What is being asked:
Could you reproduce the lines below from the one with "Definition is_optimal (eps" through the one with "(exp (IZR k"? Keep both ends and add nothing.

Entries taken from a collection:

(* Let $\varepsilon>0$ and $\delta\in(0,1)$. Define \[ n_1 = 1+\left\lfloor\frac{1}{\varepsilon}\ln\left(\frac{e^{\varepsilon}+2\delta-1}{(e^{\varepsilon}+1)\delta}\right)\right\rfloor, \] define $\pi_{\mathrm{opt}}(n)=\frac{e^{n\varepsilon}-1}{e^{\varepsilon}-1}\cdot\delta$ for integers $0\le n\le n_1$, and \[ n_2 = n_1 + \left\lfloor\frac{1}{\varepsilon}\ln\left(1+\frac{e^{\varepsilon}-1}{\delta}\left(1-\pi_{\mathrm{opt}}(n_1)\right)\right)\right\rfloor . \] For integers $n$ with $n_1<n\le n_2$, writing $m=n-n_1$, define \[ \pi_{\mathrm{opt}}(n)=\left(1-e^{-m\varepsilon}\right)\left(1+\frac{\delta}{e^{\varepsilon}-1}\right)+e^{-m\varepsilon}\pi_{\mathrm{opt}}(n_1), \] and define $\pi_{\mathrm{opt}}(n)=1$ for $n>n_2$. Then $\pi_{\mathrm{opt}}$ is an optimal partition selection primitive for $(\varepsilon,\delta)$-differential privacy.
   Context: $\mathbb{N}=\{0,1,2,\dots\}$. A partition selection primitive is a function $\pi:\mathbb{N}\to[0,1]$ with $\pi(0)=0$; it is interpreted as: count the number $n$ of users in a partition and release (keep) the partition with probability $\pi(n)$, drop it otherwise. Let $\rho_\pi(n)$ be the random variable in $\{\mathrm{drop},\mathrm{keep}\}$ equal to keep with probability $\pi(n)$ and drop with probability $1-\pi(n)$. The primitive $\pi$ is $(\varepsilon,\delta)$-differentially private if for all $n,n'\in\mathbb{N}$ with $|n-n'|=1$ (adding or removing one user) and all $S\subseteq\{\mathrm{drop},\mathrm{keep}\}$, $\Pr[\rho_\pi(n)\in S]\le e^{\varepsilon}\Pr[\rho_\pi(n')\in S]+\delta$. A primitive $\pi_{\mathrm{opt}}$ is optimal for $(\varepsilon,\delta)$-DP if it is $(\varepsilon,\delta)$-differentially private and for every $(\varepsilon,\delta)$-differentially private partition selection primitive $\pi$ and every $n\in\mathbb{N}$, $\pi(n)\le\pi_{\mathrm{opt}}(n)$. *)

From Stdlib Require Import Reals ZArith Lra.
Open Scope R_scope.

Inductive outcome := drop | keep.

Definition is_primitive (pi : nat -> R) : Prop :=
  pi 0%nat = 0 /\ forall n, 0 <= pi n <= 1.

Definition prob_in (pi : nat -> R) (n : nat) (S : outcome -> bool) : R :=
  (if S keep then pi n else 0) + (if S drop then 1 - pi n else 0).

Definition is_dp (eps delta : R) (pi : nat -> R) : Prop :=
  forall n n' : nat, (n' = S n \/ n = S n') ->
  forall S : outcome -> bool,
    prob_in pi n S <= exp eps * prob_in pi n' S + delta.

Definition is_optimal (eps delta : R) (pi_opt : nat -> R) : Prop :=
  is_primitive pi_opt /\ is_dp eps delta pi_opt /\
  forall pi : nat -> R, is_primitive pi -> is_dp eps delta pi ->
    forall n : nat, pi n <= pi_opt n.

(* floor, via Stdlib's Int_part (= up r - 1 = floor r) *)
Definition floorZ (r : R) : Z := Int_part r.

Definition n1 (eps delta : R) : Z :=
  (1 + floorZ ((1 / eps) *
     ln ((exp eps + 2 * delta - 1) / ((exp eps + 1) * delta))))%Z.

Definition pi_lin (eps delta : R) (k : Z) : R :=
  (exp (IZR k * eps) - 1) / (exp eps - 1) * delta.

---

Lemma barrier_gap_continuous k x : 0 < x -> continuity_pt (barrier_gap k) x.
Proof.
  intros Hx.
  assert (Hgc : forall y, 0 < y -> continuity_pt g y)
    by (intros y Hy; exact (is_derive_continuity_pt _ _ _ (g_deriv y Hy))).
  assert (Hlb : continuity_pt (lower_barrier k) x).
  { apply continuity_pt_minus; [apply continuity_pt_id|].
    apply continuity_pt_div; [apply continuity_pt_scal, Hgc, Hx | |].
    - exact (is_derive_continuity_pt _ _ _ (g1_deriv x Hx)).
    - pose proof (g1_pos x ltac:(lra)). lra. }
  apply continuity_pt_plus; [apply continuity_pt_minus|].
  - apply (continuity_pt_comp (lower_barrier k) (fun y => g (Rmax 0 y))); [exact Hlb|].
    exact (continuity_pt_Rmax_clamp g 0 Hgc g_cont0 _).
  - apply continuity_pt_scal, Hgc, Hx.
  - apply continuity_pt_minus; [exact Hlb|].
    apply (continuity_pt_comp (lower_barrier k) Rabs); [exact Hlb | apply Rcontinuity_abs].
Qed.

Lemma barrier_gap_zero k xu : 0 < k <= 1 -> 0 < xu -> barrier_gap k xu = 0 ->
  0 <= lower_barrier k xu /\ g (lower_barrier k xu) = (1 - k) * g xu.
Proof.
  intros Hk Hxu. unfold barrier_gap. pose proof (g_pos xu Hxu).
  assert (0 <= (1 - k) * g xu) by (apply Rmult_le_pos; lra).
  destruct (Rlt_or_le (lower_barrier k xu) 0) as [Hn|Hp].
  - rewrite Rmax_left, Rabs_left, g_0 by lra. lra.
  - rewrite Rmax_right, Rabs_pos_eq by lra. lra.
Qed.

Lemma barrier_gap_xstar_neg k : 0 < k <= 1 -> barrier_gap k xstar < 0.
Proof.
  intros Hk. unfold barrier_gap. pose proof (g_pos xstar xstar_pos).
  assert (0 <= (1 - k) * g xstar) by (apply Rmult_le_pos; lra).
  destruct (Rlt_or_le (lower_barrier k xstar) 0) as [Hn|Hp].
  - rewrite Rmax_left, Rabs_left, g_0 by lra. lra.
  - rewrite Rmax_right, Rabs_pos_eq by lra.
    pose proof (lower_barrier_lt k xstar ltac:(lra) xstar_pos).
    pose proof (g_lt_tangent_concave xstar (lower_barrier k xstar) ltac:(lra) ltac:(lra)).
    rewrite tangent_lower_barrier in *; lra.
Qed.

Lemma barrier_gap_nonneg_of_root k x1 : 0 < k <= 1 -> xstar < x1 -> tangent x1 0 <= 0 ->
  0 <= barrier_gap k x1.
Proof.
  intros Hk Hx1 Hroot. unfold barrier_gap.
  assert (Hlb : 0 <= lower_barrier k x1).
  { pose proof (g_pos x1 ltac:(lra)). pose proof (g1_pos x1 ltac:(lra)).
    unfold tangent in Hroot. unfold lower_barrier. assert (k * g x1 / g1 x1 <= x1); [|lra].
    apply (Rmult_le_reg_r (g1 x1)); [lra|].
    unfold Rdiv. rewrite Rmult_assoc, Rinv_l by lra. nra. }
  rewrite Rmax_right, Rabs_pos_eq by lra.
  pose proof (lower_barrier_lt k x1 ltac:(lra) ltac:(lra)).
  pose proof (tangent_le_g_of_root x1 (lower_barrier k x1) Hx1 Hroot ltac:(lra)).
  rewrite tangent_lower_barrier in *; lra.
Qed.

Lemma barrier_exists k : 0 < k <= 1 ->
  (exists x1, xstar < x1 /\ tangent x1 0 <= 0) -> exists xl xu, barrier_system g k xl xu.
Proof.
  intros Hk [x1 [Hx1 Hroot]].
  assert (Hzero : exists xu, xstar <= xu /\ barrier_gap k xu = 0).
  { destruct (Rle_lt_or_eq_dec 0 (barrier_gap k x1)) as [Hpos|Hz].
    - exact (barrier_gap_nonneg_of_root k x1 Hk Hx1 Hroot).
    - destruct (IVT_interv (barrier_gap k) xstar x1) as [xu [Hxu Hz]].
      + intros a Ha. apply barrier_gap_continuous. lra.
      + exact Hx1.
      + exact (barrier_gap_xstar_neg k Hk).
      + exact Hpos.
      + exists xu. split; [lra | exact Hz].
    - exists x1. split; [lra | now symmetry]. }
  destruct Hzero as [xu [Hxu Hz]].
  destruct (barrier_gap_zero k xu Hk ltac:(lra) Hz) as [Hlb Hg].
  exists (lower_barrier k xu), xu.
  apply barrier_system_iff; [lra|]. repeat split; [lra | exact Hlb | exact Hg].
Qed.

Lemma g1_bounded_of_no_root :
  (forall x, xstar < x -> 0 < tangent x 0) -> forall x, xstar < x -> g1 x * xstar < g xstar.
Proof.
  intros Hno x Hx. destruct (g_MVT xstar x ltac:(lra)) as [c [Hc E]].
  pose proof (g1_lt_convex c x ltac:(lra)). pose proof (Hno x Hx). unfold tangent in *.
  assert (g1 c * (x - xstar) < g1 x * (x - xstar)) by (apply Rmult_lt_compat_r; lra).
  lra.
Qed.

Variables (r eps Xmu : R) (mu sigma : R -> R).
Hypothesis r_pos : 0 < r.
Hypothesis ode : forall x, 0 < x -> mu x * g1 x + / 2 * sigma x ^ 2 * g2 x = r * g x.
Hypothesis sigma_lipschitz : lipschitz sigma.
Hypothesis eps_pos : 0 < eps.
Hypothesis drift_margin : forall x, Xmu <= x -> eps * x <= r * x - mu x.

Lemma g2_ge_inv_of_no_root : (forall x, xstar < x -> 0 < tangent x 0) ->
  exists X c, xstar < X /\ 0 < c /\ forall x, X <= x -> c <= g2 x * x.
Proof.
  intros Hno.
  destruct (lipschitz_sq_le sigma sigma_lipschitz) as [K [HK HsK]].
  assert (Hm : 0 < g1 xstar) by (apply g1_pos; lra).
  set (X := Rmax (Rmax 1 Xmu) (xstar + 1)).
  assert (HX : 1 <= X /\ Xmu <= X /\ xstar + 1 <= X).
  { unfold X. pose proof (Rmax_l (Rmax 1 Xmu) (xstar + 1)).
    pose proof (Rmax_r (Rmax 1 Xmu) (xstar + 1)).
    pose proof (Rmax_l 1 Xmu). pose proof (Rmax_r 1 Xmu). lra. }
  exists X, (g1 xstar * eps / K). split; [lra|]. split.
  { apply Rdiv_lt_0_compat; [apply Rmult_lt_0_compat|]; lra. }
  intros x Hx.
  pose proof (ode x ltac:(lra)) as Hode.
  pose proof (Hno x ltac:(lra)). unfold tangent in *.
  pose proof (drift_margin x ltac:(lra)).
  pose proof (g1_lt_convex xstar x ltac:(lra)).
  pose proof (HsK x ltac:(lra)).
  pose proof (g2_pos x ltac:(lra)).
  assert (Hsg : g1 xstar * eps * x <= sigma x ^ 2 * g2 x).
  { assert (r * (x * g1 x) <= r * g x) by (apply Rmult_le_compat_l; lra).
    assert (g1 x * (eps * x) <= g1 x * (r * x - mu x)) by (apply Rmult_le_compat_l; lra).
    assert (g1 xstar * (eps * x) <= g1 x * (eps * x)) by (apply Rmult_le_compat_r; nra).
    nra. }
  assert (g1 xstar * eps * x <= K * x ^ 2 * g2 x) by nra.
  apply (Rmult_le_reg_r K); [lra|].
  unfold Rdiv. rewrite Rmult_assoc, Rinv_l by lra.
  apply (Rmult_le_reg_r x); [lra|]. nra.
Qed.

...

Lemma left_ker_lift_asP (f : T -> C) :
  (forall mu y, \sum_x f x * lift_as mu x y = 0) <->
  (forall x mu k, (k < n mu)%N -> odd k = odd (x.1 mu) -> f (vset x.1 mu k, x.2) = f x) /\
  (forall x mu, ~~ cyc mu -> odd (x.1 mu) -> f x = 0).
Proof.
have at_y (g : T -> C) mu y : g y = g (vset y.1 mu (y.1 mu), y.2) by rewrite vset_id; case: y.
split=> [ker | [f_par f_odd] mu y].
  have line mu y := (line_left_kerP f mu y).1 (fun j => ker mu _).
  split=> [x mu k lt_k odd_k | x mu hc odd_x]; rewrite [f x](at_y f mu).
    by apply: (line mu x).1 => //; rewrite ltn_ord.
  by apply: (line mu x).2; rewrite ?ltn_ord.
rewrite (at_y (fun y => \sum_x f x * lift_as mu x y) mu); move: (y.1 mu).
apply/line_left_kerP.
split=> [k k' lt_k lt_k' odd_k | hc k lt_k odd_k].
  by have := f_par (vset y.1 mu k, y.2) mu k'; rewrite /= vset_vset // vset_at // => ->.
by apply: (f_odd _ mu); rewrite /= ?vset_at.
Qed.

Solution below:
Definition is_optimal (eps delta : R) (pi_opt : nat -> R) : Prop :=
  is_primitive pi_opt /\ is_dp eps delta pi_opt /\
  forall pi : nat -> R, is_primitive pi -> is_dp eps delta pi ->
    forall n : nat, pi n <= pi_opt n.

(* floor, via Stdlib's Int_part (= up r - 1 = floor r) *)
Definition floorZ (r : R) : Z := Int_part r.

Definition n1 (eps delta : R) : Z :=
  (1 + floorZ ((1 / eps) *
     ln ((exp eps + 2 * delta - 1) / ((exp eps + 1) * delta))))%Z.

Definition pi_lin (eps delta : R) (k : Z) : R :=
  (exp (IZR k * eps) - 1) / (exp eps - 1) * delta.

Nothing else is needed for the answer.